Following the entry of an order granting or denying a Section 3583(c) motion, courts in the Sacramento Division of the Eastern District of California typically issue an "Order Regarding Motion for Sentence Reduction Pursuant to 18 U.S.C. 3582(c)(2)." (An example from another case is attached as Government Exhibit 1.) Regardless of the administrative purpose that such an order might serve, that order contains no additional language which would to give effect to the court's order signed July 25, 2008, which ordered reduced the defendant's term of imprisonment and provided that all other terms of the judgment remain in effect. C.R. 56. Thus, it is immaterial that no such additional order was entered in this case.
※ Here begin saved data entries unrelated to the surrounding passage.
Lemma circle_limit (p : point) :
  (forall e, 0 < e -> exists p', on_circle p' /\ close e p p') -> on_circle p.
Proof.
  intros H. unfold on_circle.
  enough (fst p ^ 2 + snd p ^ 2 - 1 = 0) by lra.
  apply small_zero. intros e He.
  destruct (H (Rmin 1 (e / 12)) ltac:(apply Rmin_pos; lra)) as [p' [Hp' [C1 C2]]].
  pose proof (Rmin_l 1 (e / 12)). pose proof (Rmin_r 1 (e / 12)).
  set (m := Rmin 1 (e / 12)) in *.
  pose proof (circle_bounded p' Hp') as [B1 B2]. unfold on_circle in Hp'.
  apply Rabs_def2 in C1, C2.
  replace (fst p ^ 2 + snd p ^ 2 - 1) with
    ((fst p - fst p') * (fst p + fst p') + (snd p - snd p') * (snd p + snd p')) by (rewrite <- Hp'; ring).
  pose proof (mul_bound (fst p - fst p') (fst p + fst p') m 3 ltac:(apply Rabs_le; lra) ltac:(apply Rabs_le; lra)).
  pose proof (mul_bound (snd p - snd p') (snd p + snd p') m 3 ltac:(apply Rabs_le; lra) ltac:(apply Rabs_le; lra)).
  apply Rabs_def1; lra.
Qed.

Definition cclose (e : R) (c c' : chord) : Prop := close e (fst c) (fst c') /\ close e (snd c) (snd c').

Lemma limit_leaf (L : chord -> Prop) (c : chord) : lamination L ->
  (forall e, 0 < e -> exists c', L c' /\ cclose e c c') -> L c.
Proof.
  intros HL H. pose proof HL as [Hc [_ [Hdeg _]]]. destruct c as [a b].
  assert (Ha : on_circle a).
  { apply circle_limit. intros e He. destruct (H e He) as [c' [Lc' [C1 _]]].
    exists (fst c'). split; [apply (Hc _ Lc')|exact C1]. }
  assert (Hb : on_circle b).
  { apply circle_limit. intros e He. destruct (H e He) as [c' [Lc' [_ C2]]].
    exists (snd c'). split; [apply (Hc _ Lc')|exact C2]. }
  destruct (classic (a = b)) as [<-|Hab]; [auto|].
  apply limit_leaf_nondeg; auto. intros e He. destruct (H e He) as [[a' b'] [Lc' [C1 C2]]].
  exists a', b'. auto.
Qed.

(** ** Subsequences and the Bolzano-Weierstrass theorem for chords *)

(** Subsequences are described by infinite sets of indices. *)
Definition infinite_set (I : nat -> Prop) : Prop := forall N, exists n, (N <= n)%nat /\ I n.

Definition conv_along (u : nat -> R) (l : R) (J : nat -> Prop) : Prop :=
  forall e, 0 < e -> exists N, forall n, J n -> (N <= n)%nat -> Rabs (u n - l) < e.

Definition chord_conv_along (f : nat -> chord) (c : chord) (J : nat -> Prop) : Prop :=
  forall e, 0 < e -> exists N, forall n, J n -> (N <= n)%nat -> cclose e c (f n).

Lemma conv_along_sub (u : nat -> R) (l : R) (J J' : nat -> Prop) :
  (forall n, J' n -> J n) -> conv_along u l J -> conv_along u l J'.
Proof. intros Hs Hc e He. destruct (Hc e He) as [N HN]. exists N. intros n Hn. apply HN, Hs, Hn. Qed.

Lemma chord_conv_along_sub (f : nat -> chord) (c : chord) (J J' : nat -> Prop) :
  (forall n, J' n -> J n) -> chord_conv_along f c J -> chord_conv_along f c J'.
Proof. intros Hs Hc e He. destruct (Hc e He) as [N HN]. exists N. intros n Hn. apply HN, Hs, Hn. Qed.

Lemma increasing_choice (P : nat -> nat -> Prop) :
  (forall k N, exists n, (N <= n)%nat /\ P k n) ->
  exists h : nat -> nat, (forall k, (h k < h (S k))%nat) /\ forall k, P k (h k).
Proof.
  intros H.
  destruct (choice (fun (kN : nat * nat) n => (snd kN <= n)%nat /\ P (fst kN) n)) as [next0 Hnext0].
  { intros [k N]. apply H. }
  set (next := fun k N => next0 (k, N)).
  assert (Hnext : forall k N, (N <= next k N)%nat /\ P k (next k N)) by (intros k N; apply (Hnext0 (k, N))).
  exists (fix h k := match k with O => next O O | S k => next (S k) (S (h k)) end).
  split; intros k.
  - apply (proj1 (Hnext (S k) _)).
  - destruct k; apply Hnext.
Qed.

Lemma increasing_lt (f : nat -> nat) : (forall k, (f k < f (S k))%nat) ->
  forall i j, (i < j)%nat -> (f i < f j)%nat.
Proof. intros H i j Hij. induction Hij; [apply H|]. specialize (H m). lia. Qed.

Lemma increasing_ge_id (f : nat -> nat) : (forall k, (f k < f (S k))%nat) -> forall k, (k <= f k)%nat.
Proof. intros H k. induction k; [lia|]. specialize (H k). lia. Qed.

Lemma increasing_reflect_le (f : nat -> nat) : (forall k, (f k < f (S k))%nat) ->
  forall i j, (f i <= f j)%nat -> (i <= j)%nat.
Proof.
  intros H i j Hij. destruct (Nat.le_gt_cases i j); auto.
  pose proof (increasing_lt f H j i H0). lia.
Qed.

Lemma bolzano_weierstrass_along (I : nat -> Prop) (u : nat -> R) : infinite_set I ->
  (forall n, I n -> -1 <= u n <= 1) ->
  exists l J, (forall n, J n -> I n) /\ infinite_set J /\ conv_along u l J.
Proof.
  intros HI Hb.
  destruct (increasing_choice (fun _ n => I n)) as [g [Hg HgI]]; [intros _ N; apply HI|].
  destruct (Bolzano_Weierstrass (fun k => u (g k)) (fun c => -1 <= c <= 1) (compact_P3 (-1) 1))
    as [l Hl]; [intros k; apply Hb, HgI|].
  destruct (increasing_choice (fun k p => Rabs (u (g p) - l) < / INR (S k))) as [h [Hh Hhl]].
  { intros k N. assert (Hp : 0 < / INR (S k)) by (apply Rinv_0_lt_compat, lt_0_INR; lia).
    destruct (Hl (disc l (mkposreal _ Hp)) N) as [p [Hp1 Hp2]];
      [exists (mkposreal _ Hp); intros y Hy; exact Hy|].
    exists p. split; auto. }
  assert (Hgh : forall k, (g (h k) < g (h (S k)))%nat) by (intros k; apply increasing_lt; auto).
  exists l, (fun n => exists k, n = g (h k)). split; [|split].
  - intros n [k ->]. apply HgI.
  - intros N. exists (g (h N)). split; [|eauto]. apply (increasing_ge_id (fun k => g (h k)) Hgh).
  - intros e He. destruct (archimed_cor1 e He) as [K [HK HK0]].
    exists (g (h K)). intros n [k ->] Hn.
    apply (increasing_reflect_le (fun k => g (h k)) Hgh) in Hn.
    eapply Rlt_le_trans; [apply (Hhl k)|].
    apply Rle_trans with (/ INR K); [|lra].
    apply Rinv_le_contravar; [apply lt_0_INR; lia|apply le_INR; lia].
Qed.

Lemma chord_bolzano_weierstrass (I : nat -> Prop) (f : nat -> chord) : infinite_set I ->
  (forall n, I n -> bounded (fst (f n)) /\ bounded (snd (f n))) ->
  exists c J, (forall n, J n -> I n) /\ infinite_set J /\ chord_conv_along f c J.
Proof.
  intros HI Hb.
  destruct (bolzano_weierstrass_along I (fun n => fst (fst (f n))) HI) as [l1 [J1 [S1 [I1 C1]]]].
  { intros n Hn. apply Hb, Hn. }
  destruct (bolzano_weierstrass_along J1 (fun n => snd (fst (f n))) I1) as [l2 [J2 [S2 [I2 C2]]]].
  { intros n Hn. apply Hb, S1, Hn. }
  destruct (bolzano_weierstrass_along J2 (fun n => fst (snd (f n))) I2) as [l3 [J3 [S3 [I3 C3]]]].
  { intros n Hn. apply Hb, S1, S2, Hn. }
  destruct (bolzano_weierstrass_along J3 (fun n => snd (snd (f n))) I3) as [l4 [J4 [S4 [I4 C4]]]].
  { intros n Hn. apply Hb, S1, S2, S3, Hn. }
  exists ((l1, l2), (l3, l4)), J4. split; [auto|]. split; [exact I4|].
  assert (HJ1 : forall n, J4 n -> J1 n) by auto. assert (HJ2 : forall n, J4 n -> J2 n) by auto.
  assert (HJ3 : forall n, J4 n -> J3 n) by auto.
  intros e He.
  destruct (conv_along_sub _ _ _ _ HJ1 C1 e He) as [N1 K1].
  destruct (conv_along_sub _ _ _ _ HJ2 C2 e He) as [N2 K2].
  destruct (conv_along_sub _ _ _ _ HJ3 C3 e He) as [N3 K3].
  destruct (C4 e He) as [N4 K4].
  exists (N1 + N2 + N3 + N4)%nat. intros n Jn Hn. unfold cclose, close. cbn [fst snd].
  repeat split; [apply K1|apply K2|apply K3|apply K4]; auto; lia.
Qed.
The Ninth Circuit has previously given great weight to the importance of finality in sentencing in a similar context, holding that Rule 35 corrections to clearly erroneous sentences must be made within seven days of oral pronouncement of the sentence, not the issuance of a written judgment. United States v. Aguirre, 214 F.3d 1122, 1125-26 (9th Cir. 2000). A contrary rule, the court noted, "could simply delay the ministerial task of filing a judgment, thereby providing the court an indefinite period of time in which to change its mind about the sentence." Id. at 1126 (Citation omitted).

Conclusion

In light of the foregoing, the government concludes that the court lacks jurisdiction to correct the legally erroneous stipulation that was approved on July 25, 2008. Therefore, the government withdraws its March 19, 2009 motion for vacatur and leave to withdraw from stipulation. The government also moves that the court's order of April 1, 2009 be vacated.

DATED: April 24, 2009

LAWRENCE G. BROWN Acting United States Attorney

DANIEL S. McCONKIE Assistant U.S. Attorney

ORDER

For the foregoing reasons, the court finds that it lacks jurisdiction to vacate the order signed July 25, 2008. Accordingly,

IT IS HEREBY ORDERED GRANTING the defendant's motion to reconsider, filed April 1, 2009.

IT IS FURTHER ORDERED VACATING the Order of April 1, 2009.